Taking the edge off in colonial Milton: chloroform and laudanum use.

A couple of weeks ago we wrote about Dr. Weber and reports of his use of drugs and alcohol to ease the pain of his wife’s passing. The rather gossipy reporting of this in the Bruce Herald reflects social ideas at the time. The temperance movement was gaining traction in New Zealand, indeed Dr. Weber himself at one point gave a talk organised by the Tokomairiro Total Abstinence Society in Milton (though from its title we’d guess he was arguing against temperance).

Advertisement for a Public Lecture on alcohol (Bruce Herald, Volume VI, Issue 361, 29th March 1871). Accessed via the National Library of New Zealand, Papers Past (https://paperspast.natlib.govt.nz/newspapers/bruce-herald/1871/3/29/4)

Interestingly, while overuse of alcohol was frowned upon (particularly in women), the use of addictive or dangerous drugs for medicinal purposes was relatively commonplace. In the list of drugs used by Dr. Weber to ease his psychological and physical pain we find both chloroform and laudanum, both of which were routinely supplied by chemists in Milton during the early colonial period.

Chloroform was mostly used by medical professionals to anesthetise patients during surgery or dental extraction.

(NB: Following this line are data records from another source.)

(* Let $n\ge 2$, let $J\subseteq[n]$, let $i\in[n]\setminus J$ and $J'=J\cup\{i\}$. Let $D=D_{i,J}$ be the $\Omega_{J'}\times\Omega_J$ matrix with $D(v,u)=1$ if $v=\varphi_i(u)$ and $D(v,u)=0$ otherwise. Then \[ D_{i,J}M_J=M_{J'}D_{i,J}. \]
   Context: Type C TASEP. Fix $n\ge 2$. There are $2n$ sites: upper $U_1,\dots,U_n$ and lower $L_1,\dots,L_n$, with counter-clockwise successor $\mathrm{succ}(U_j)=U_{j-1}$ ($j\ge2$), $\mathrm{succ}(U_1)=L_1$, $\mathrm{succ}(L_j)=L_{j+1}$ ($j<n$), $\mathrm{succ}(L_n)=U_n$. A state places particles with positive integer classes on sites, at most one particle per column. Ringing the bell at site $s$: if $s$ holds particle $p$ and $s'=\mathrm{succ}(s)$ is empty, $p$ moves to $s'$; if $s'$ holds a particle of strictly larger class, they swap; otherwise nothing. $\sigma_0$ = bell at $U_1$; $\sigma_n$ = bell at $L_n$; for $0<j<n$, $\sigma_j$ = bells at $L_j$ and $U_{j+1}$ (they commute). The chain $\Theta$ has transitions $x\to\sigma_jx$, $j=0,\dots,n$, of rate $1$ for $j\in\{0,n\}$ and $2$ for $0<j<n$. For $J\subseteq[n]$: starting from one particle of each class $1,\dots,n$, identify classes $j,j+1$ for each $j\in J\setminus\{n\}$, remove class $n$ if $n\in J$, renumber; the resulting counts form the type $\mathbf m_J$ and $\Omega_J$ is the set of states of type $\mathbf m_J$; $\Theta_J$ is $\Theta$ restricted to $\Omega_J$. For $i\notin J$, $\varphi_i:\Omega_J\to\Omega_{J'}$ ($J'=J\cup\{i\}$) merges the two classes separated at $i$ if $i<n$, or removes all particles of the largest class if $i=n$, then renumbers. Transition matrix convention: $M_J$ is the $\Omega_J\times\Omega_J$ matrix whose $(x,y)$ entry is the total rate of all transitions of $\Theta_J$ from $y$ to $x$ (including transitions $y\to y$); with this convention the stationary distribution $\pi_J$ satisfies $M_J\pi_J=2n\,\pi_J$. *)

(* Type C TASEP, 0-indexed encoding. *)
From mathcomp Require Import all_boot.

Set Implicit Arguments.
Unset Strict Implicit.
Unset Printing Implicit Defensive.

(* Column j : 'I_n stands for column j+1; a site is (column, is_upper):
   (j, true) = U_{j+1}, (j, false) = L_{j+1}.
   A class c : 'I_n stands for class c+1 (same order). *)
Definition site (n : nat) := ('I_n * bool)%type.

It was a controversial method, deaths linked to heart failure while under chloroform were commonly reported in New Zealand, and newspapers often argued over the safety of the method.

Chloroform-related deaths were common in the colony (Otago Daily Times, Issue 9880, 27th October 1893). Accessed via the National Library of New Zealand, Papers Past.

A letter written to the British Medical Journal in October 1894 asks when it will be time to “discard the lethal chloroform and thus put an end to the human sacrifice that is weekly offered…” (J McNamara, 1894). Despite this, it remained commonly used until the advent of cocaine, a drug considered to be much ‘safer’, as the patient was left without pain but still conscious.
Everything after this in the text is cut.